Facebook has a steady row of 58 million users and it is undoubtedly the sixth most widely used website in the U.S and this makes the social media site seem irresistible for collecting a variety of data for academic research.

According to a new study, Facebook's reportedly secret studies has brought the site more attention than any other academic project, the Guardian reports. An analytical scrutiny found that the 'emotional manipulation' experiment was the most searched academic project this year.

The controversial study titled, "Experimental evidence of massive-scale emotional contagion through social networks", found its way into the US journal the Proceedings of the National Academy of Sciences in July 2014. Facebook sparked an outrage when it was revealed that Mark Zuckerberg's firm had presented various types of newsfeeds on users' 'Walls' to check for emotional state changes and using the 'happy' and 'sad' news to induce specific emotional states.

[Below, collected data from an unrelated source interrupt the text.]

(* Let $M\in\mathbb R^{n\times n}$ be a sufficient matrix and let $B_1,B_2$ be complementary bases that are adjacent, i.e. $\dim\big(\mathcal C(B_1)\cap\mathcal C(B_2)\big)=n-1$. Then $|B_1\cap B_2|\ge n-2$.
   Context: Let $M\in\mathbb R^{n\times n}$ and $A=[\,I\;\;-M\,]\in\mathbb R^{n\times 2n}$, with columns indexed by $\{1,\dots,2n\}$; for $J\subseteq\{1,\dots,2n\}$, $A_{\cdot J}$ denotes the submatrix of columns indexed by $J$. For $i\in\{1,\dots,2n\}$ the complementary index is $\bar i=i+n$ if $i\le n$ and $\bar i=i-n$ if $i>n$. A set $J$ is complementary if $i\in J$ implies $\bar i\notin J$. A complementary basis is a complementary set $B$ with $|B|=n$ and $A_{\cdot B}$ invertible. For a complementary set $J$, the complementary cone is $\mathcal C(J)=\{A_{\cdot J}\lambda:\lambda\ge 0\}$. The dimension of a convex set is the dimension of its affine hull. $M$ is column sufficient if $[z_i(Mz)_i\le 0\ \forall i]\Rightarrow[z_i(Mz)_i=0\ \forall i]$; row sufficient if $M^T$ is column sufficient; sufficient if both. *)

From HB Require Import structures.
From mathcomp Require Import all_boot all_order all_algebra.
Set Implicit Arguments. Unset Strict Implicit. Unset Printing Implicit Defensive.
Import Order.TTheory GRing.Theory Num.Theory.
Local Open Scope ring_scope.

Section LCP.
Variables (R : realFieldType) (n : nat).

Definition Amx (M : 'M[R]_n) : 'M[R]_(n, n + n) := row_mx 1%:M (- M).

Lemma cbar_proof (i : 'I_(n + n)) :
  ((if (i < n)%N then (i + n)%N else (i - n)%N) < n + n)%N.
Proof.
case: ifP => H; first by rewrite ltn_add2r.
by apply: leq_ltn_trans (leq_subr _ _) (ltn_ord i).
Qed.

Definition cbar (i : 'I_(n + n)) : 'I_(n + n) := Ordinal (cbar_proof i).

Definition complementary (J : {set 'I_(n + n)}) : Prop :=
  forall i, i \in J -> cbar i \notin J.

Definition subcols (M : 'M[R]_n) (J : {set 'I_(n + n)}) : 'M[R]_(n, #|J|) :=
  \matrix_(i < n, k < #|J|) Amx M i (enum_val k).

Definition compl_basis (M : 'M[R]_n) (B : {set 'I_(n + n)}) : Prop :=
  complementary B /\
  exists e : #|B| = n, castmx (erefl n, e) (subcols M B) \in unitmx.

Definition ccone (M : 'M[R]_n) (J : {set 'I_(n + n)}) : 'cV[R]_n -> Prop :=
  fun x => exists lam : 'cV[R]_#|J|,
    (forall k, 0 <= lam k 0) /\ x = subcols M J *m lam.

(* affine dimension: dim of affine hull of S.
   affdim_ge S k : S contains k+1 affinely independent points
   x0, x0 + X_1, ..., x0 + X_k (columns X_j linearly independent). *)
Definition affdim_ge (S : 'cV[R]_n -> Prop) (k : nat) : Prop :=
  exists (x0 : 'cV[R]_n) (X : 'M[R]_(n, k)),
    S x0 /\ (forall j, S (x0 + col j X)) /\ \rank X = k.

Definition affine_dim (S : 'cV[R]_n -> Prop) (d : nat) : Prop :=
  affdim_ge S d /\ forall k, affdim_ge S k -> (k <= d)%N.

Definition col_sufficient (M : 'M[R]_n) : Prop :=
  forall z : 'cV[R]_n,
    (forall i, z i 0 * (M *m z) i 0 <= 0) ->
    (forall i, z i 0 * (M *m z) i 0 = 0).

Definition row_sufficient (M : 'M[R]_n) : Prop := col_sufficient M^T.

Definition sufficient (M : 'M[R]_n) : Prop :=
  col_sufficient M /\ row_sufficient M.

End LCP.

From HB Require Import structures.
From mathcomp Require Import all_boot all_order all_algebra.
Import Order.TTheory GRing.Theory Num.Theory.
Local Open Scope ring_scope.
Set Implicit Arguments. Unset Strict Implicit. Unset Printing Implicit Defensive.

(* Let P = C(B1) ∩ C(B2) have dimension n-1, witnessed by points x0 and
   x0 + X_j (j < n-1) with rank X = n-1, and let c be the sum of these points.
   Writing c in the basis B_i gives nonnegative coordinates lam_i, and a
   coordinate of c can only vanish if that coordinate vanishes on the whole
   column space of X; since the coordinate functionals are independent, at most
   n - rank X = 1 coordinate of c vanishes in each basis.  Spreading lam_i to
   a vector a_i of R^(2n) (zero outside B_i) gives two nonnegative
   complementary solutions of A a = c.  Column sufficiency forces the cross
   products a_1(j) a_2(j̄) to vanish.  Every j in B1 \ B2 has j̄ in B2, so j is
   the vanishing B1-coordinate or j̄ is the vanishing B2-coordinate: hence
   |B1 \ B2| <= 2. *)

Section ComplementaryIndex.
Variable n : nat.

Lemma cbar_lshift (i : 'I_n) : cbar (lshift n i) = rshift n i.
Proof. by apply: val_inj; rewrite /= ltn_ord addnC. Qed.

Lemma cbar_rshift (i : 'I_n) : cbar (rshift n i) = lshift n i.
Proof. by apply: val_inj; rewrite /= ltnNge leq_addr /= addKn. Qed.

Lemma cbarK : involutive (@cbar n).
Proof.
move=> j; rewrite -(splitK j); case: (split j) => a /=.
  by rewrite cbar_lshift cbar_rshift.
by rewrite cbar_rshift cbar_lshift.
Qed.

Lemma cbar_inj : injective (@cbar n).
Proof. exact: inv_inj cbarK. Qed.

Lemma compl_full_mem (B : {set 'I_(n + n)}) :
  complementary B -> #|B| = n -> forall j, j \notin B -> cbar j \in B.
Proof.
move=> hc hB j hj; apply/negPn/negP => hcj.
have hdisj : [disjoint B & @cbar n @: B].
  apply/pred0P => x /=; apply/andP => -[hx /imsetP [b hb hxb]].
  by move: (hc _ hx); rewrite hxb cbarK hb.
have hsub : B :|: @cbar n @: B \subset [set~ j].
  apply/subsetP => x; rewrite !inE => /orP [] hx; apply/eqP => hxj;
    move: hx; rewrite hxj ?(negbTE hj) //.
  by case/imsetP => b hb hjb; move: hcj; rewrite hjb cbarK hb.
move: (subset_leq_card hsub).
rewrite cardsC1 card_ord cardsU (disjoint_setI0 hdisj) cards0 subn0.
rewrite card_imset ?hB; last exact: cbar_inj.
by rewrite leqNgt ltn_predL (leq_ltn_trans (leq0n j) (ltn_ord j)).
Qed.

Lemma small_difference (B1 B2 Z1 Z2 : {set 'I_(n + n)}) :
  #|B1| = n -> (#|Z1| <= 1)%N -> (#|Z2| <= 1)%N ->
  (forall j, j \in B1 -> j \notin B2 -> j \in Z1 \/ cbar j \in Z2) ->
  (n - 2 <= #|B1 :&: B2|)%N.
Proof.
move=> hB1 hZ1 hZ2 hcatch.
have hsub : B1 :\: B2 \subset Z1 :|: @cbar n @^-1: Z2.
  apply/subsetP => j; rewrite !inE => /andP [hj2 hj1].
  by apply/orP; apply: hcatch.
have card_diff : (#|B1 :\: B2| <= 2)%N.
  apply: leq_trans (subset_leq_card hsub) _; apply: leq_trans (leq_card_setU _ _) _.
  by rewrite card_preimset; [exact: (@leq_add _ _ 1 1) | exact: cbar_inj].
have -> : (n - 2 = #|B1| - 2)%N by rewrite hB1.
by rewrite -(cardsID B2 B1) leq_subLR [(2 + _)%N]addnC leq_add2l.
Qed.

End ComplementaryIndex.

Section CrossComplementarity.
Variables (R : realFieldType) (n : nat) (M : 'M[R]_n).

(* Two nonnegative complementary solutions a1, a2 of A a = q are also
   complementary to each other when M is column sufficient: with z the
   difference of their last n blocks, A (a1 - a2) = 0 gives Mz = a1_I - a2_I,
   hence z_i (Mz)_i = -(a1(n+i) a2(i) + a2(n+i) a1(i)) <= 0, and sufficiency
   forces each of these nonnegative products to vanish. *)
Lemma col_sufficient_cross_compl (a1 a2 : 'cV[R]_(n + n)) :
  col_sufficient M ->
  Amx M *m a1 = Amx M *m a2 ->
  (forall j, 0 <= a1 j 0) -> (forall j, 0 <= a2 j 0) ->
  (forall j, a1 j 0 * a1 (cbar j) 0 = 0) ->
  (forall j, a2 j 0 * a2 (cbar j) 0 = 0) ->
  forall j, a1 j 0 * a2 (cbar j) 0 = 0.
Proof.
move=> hM hA h1 h2 c1 c2.
have /eqP : Amx M *m (a1 - a2) = 0 by rewrite mulmxBr hA subrr.
rewrite -[a1 - a2]vsubmxK /Amx mul_row_col mul1mx mulNmx subr_eq0 => /eqP hMz.
set z := dsubmx (a1 - a2).
have zMz i : z i 0 * (M *m z) i 0 =
    - (a1 (rshift n i) 0 * a2 (lshift n i) 0
       + a2 (rshift n i) 0 * a1 (lshift n i) 0).
  rewrite -hMz /z !mxE.
  have e1 := c1 (lshift n i); have e2 := c2 (lshift n i).
  rewrite cbar_lshift in e1 e2.
  rewrite mulrBl !mulrBr (mulrC (a1 _ _) (a1 _ _)) e1.
  by rewrite (mulrC (a2 _ _) (a2 _ _)) e2 sub0r subr0 opprD.
have zMz_le0 i : z i 0 * (M *m z) i 0 <= 0.
  by rewrite zMz oppr_le0 addr_ge0 // mulr_ge0.
have cross i : a1 (rshift n i) 0 * a2 (lshift n i) 0 = 0 /\
               a2 (rshift n i) 0 * a1 (lshift n i) 0 = 0.
  move: (hM z zMz_le0 i); rewrite zMz => /eqP; rewrite oppr_eq0.
  by rewrite paddr_eq0 ?mulr_ge0 // => /andP [/eqP -> /eqP ->].
move=> j; rewrite -(splitK j); case: (split j) => a /=.
  by rewrite cbar_lshift mulrC (proj2 (cross a)).
by rewrite cbar_rshift (proj1 (cross a)).
Qed.

End CrossComplementarity.

Section Spread.
Variables (R : realFieldType) (n : nat).

Definition spread (B : {set 'I_(n + n)}) (lam : 'cV[R]_#|B|) : 'cV[R]_(n + n) :=
  \matrix_(j < n + n, k < #|B|) (enum_val k == j)%:R *m lam.

Variable B : {set 'I_(n + n)}.

Lemma Amx_spread (M : 'M[R]_n) (lam : 'cV[R]_#|B|) :
  Amx M *m spread lam = subcols M B *m lam.
Proof.
rewrite /spread mulmxA; congr (_ *m _); apply/matrixP => i k.
rewrite mxE [RHS]mxE; under eq_bigr => j _ do rewrite [X in _ * X]mxE.
rewrite (bigD1 (enum_val k)) //= eqxx mulr1 big1 ?addr0 // => j hj.
by rewrite eq_sym (negbTE hj) mulr0.
Qed.

Lemma spread_enum_val (lam : 'cV[R]_#|B|) k : spread lam (enum_val k) 0 = lam k 0.
Proof.
rewrite mxE (bigD1 k) //= mxE eqxx mul1r big1 ?addr0 // => k' hk.
by rewrite mxE (inj_eq enum_val_inj) (negbTE hk) mul0r.
Qed.

Lemma spread_out (lam : 'cV[R]_#|B|) j : j \notin B -> spread lam j 0 = 0.
Proof.
move=> hj; rewrite mxE big1 // => k _; rewrite mxE.
by case: eqP => [hk|_]; [move: hj; rewrite -hk enum_valP | rewrite mul0r].
Qed.

Lemma spread_ge0 (lam : 'cV[R]_#|B|) :
  (forall k, 0 <= lam k 0) -> forall j, 0 <= spread lam j 0.
Proof.
by move=> h j; rewrite mxE sumr_ge0 // => k _; rewrite mxE mulr_ge0 ?ler0n.
Qed.

Lemma spread_compl (lam : 'cV[R]_#|B|) :
  complementary B -> forall j, spread lam j 0 * spread lam (cbar j) 0 = 0.
Proof.
move=> hc j; have [hj|hj] := boolP (j \in B).
  by rewrite (spread_out _ (hc _ hj)) mulr0.
by rewrite spread_out ?mul0r.
Qed.

Lemma spread_zero (lam : 'cV[R]_#|B|) j :
  j \in B -> spread lam j 0 = 0 -> j \in enum_val @: [set k | (lam k 0 == 0)%R].
Proof.
move=> hj h0; apply/imsetP; exists (enum_rank_in hj j); last first.
  by rewrite enum_rankK_in.
by rewrite inE -h0 -spread_enum_val enum_rankK_in.
Qed.

End Spread.

Section ConeCoordinates.
Variables (R : realFieldType) (n m : nat).
Variables (S : 'M[R]_(n, m)) (L : 'M[R]_(m, n)).
Hypothesis LS : L *m S = 1%:M.

(* The cone spanned by the columns of S; ccone M B is cone (subcols M B). *)
Definition cone (x : 'cV[R]_n) : Prop :=
  exists lam : 'cV[R]_m, (forall k, 0 <= lam k 0) /\ x = S *m lam.

(* Rows of the left inverse L annihilating X are independent and lie in the
   left kernel of X, so there are at most n - rank X of them. *)
Lemma card_annihilating_rows p (X : 'M[R]_(n, p)) :
  (#|[set k | (row k L *m X == 0)%R]| <= n - \rank X)%N.
Proof.
set K := [set k | _]; set f : 'I_#|K| -> 'I_m := enum_val.
have QT : rowsub f L *m colsub f S = 1%:M.
  rewrite -mxsub_mul LS; apply/matrixP => i j.
  by rewrite !mxE (inj_eq enum_val_inj).
have QX : rowsub f L *m X = 0.
  apply/row_matrixP => i; rewrite row_mul row_rowsub row0.
  by have := enum_valP i; rewrite inE => /eqP.
rewrite -[#|K|](@mxrank1 R) -QT -(mxrank_ker X).
exact: leq_trans (mxrankM_maxl _ _) (mxrankS (introT sub_kermxP QX)).
Qed.

Lemma cone_coords (x : 'cV[R]_n) :
  cone x -> S *m (L *m x) = x /\ forall k, 0 <= (L *m x) k 0.
Proof.
case=> lam [hlam ->]; have -> : L *m (S *m lam) = lam by rewrite mulmxA LS mul1mx.
by [].
Qed.

Lemma cone_sum_coords p (x0 : 'cV[R]_n) (X : 'M[R]_(n, p)) :
  cone x0 -> (forall j, cone (x0 + col j X)) ->
  let c := x0 + \sum_j (x0 + col j X) in
  [/\ S *m (L *m c) = c, forall k, 0 <= (L *m c) k 0
    & (#|[set k | ((L *m c) k 0 == 0)%R]| <= n - \rank X)%N].
Proof.
move=> h0 hX c.
have [Sx0 Lx0] := cone_coords h0.
have Lc k : (L *m c) k 0 = (L *m x0) k 0 + \sum_j (L *m (x0 + col j X)) k 0.
  by rewrite mulmxDr mulmx_sumr mxE summxE.
have LX_ge0 k j : 0 <= (L *m (x0 + col j X)) k 0 by case: (cone_coords (hX j)).
have Lc_ge0 k : 0 <= (L *m c) k 0 by rewrite Lc addr_ge0 ?sumr_ge0.
split=> //.
  rewrite mulmxA mulmxDr mulmx_sumr -mulmxA Sx0; congr (_ + _).
  by apply: eq_bigr => j _; rewrite -mulmxA; case: (cone_coords (hX j)).
apply: leq_trans (card_annihilating_rows X); apply: subset_leq_card.
apply/subsetP => k; rewrite !inE Lc paddr_eq0 ?sumr_ge0 //.
case/andP => /eqP hx0 /eqP /(psumr_eq0P (fun j _ => LX_ge0 k j)) hsum.
apply/eqP/rowP => j; rewrite -row_mul mxE [RHS]mxE.
have := hsum j isT; rewrite mulmxDr mxE hx0 add0r => <-.
by rewrite !mxE; apply: eq_bigr => r _; rewrite mxE.
Qed.

End ConeCoordinates.

Lemma cast_unit_left_inv (R : realFieldType) (n m : nat) (e : m = n)
    (S : 'M[R]_(n, m)) :
  castmx (erefl n, e) S \in unitmx -> exists L : 'M[R]_(m, n), L *m S = 1%:M.
Proof. by subst m; rewrite castmx_id => hS; exists (invmx S); rewrite mulVmx. Qed.

Theorem mainTheorem1 (R : realFieldType) (n : nat) (M : 'M[R]_n)
    (B1 B2 : {set 'I_(n + n)}) :
  sufficient M ->
  compl_basis M B1 -> compl_basis M B2 ->
  affine_dim (fun x => ccone M B1 x /\ ccone M B2 x) n.-1 ->
  (n - 2 <= #|B1 :&: B2|)%N.
Proof.
move=> [hM _] [hc1 [e1 u1]] [hc2 [e2 u2]] [[x0 [X [hx0 [hX hr]]]] _].
have [L1 LS1] := cast_unit_left_inv u1; have [L2 LS2] := cast_unit_left_inv u2.
have [Sc1 lam1_ge0 Z1] := cone_sum_coords LS1 (proj1 hx0) (fun j => proj1 (hX j)).
have [Sc2 lam2_ge0 Z2] := cone_sum_coords LS2 (proj2 hx0) (fun j => proj2 (hX j)).
set c := x0 + _ in Sc1 Sc2 lam1_ge0 lam2_ge0 Z1 Z2.
have one_zero : (n - \rank X <= 1)%N by rewrite hr leq_subLR addn1 leqSpred.
have Aeq : Amx M *m spread (L1 *m c) = Amx M *m spread (L2 *m c).
  by rewrite !Amx_spread Sc1 Sc2.
have cross := col_sufficient_cross_compl hM Aeq (spread_ge0 lam1_ge0)
  (spread_ge0 lam2_ge0) (spread_compl _ hc1) (spread_compl _ hc2).
apply: (small_difference e1 (leq_trans (leq_imset_card _ _) (leq_trans Z1 one_zero))
                            (leq_trans (leq_imset_card _ _) (leq_trans Z2 one_zero))).
move=> j hj1 hj2; have /eqP := cross j; rewrite mulf_eq0 => /orP [] /eqP h0.
  by left; exact: spread_zero hj1 h0.
by right; exact: spread_zero (compl_full_mem hc2 e2 hj2) h0.
Qed.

Jason Kaufman, an associate professor of sociology at Harvard and a member of the research team was quoted as saying in a New York Times report, "One of the holy grails of social science is the degree to which taste determines friendship, or to which friendship determines taste," adding, "Do birds of a feather flock together, or do you become more like your friends?"

The Guardian report continued to say, "Academic analysts Altmetric suggests that the research will have done wonders for the scientists' public engagement metrics after it ranked number one for attention out of every scientific article published in 2014."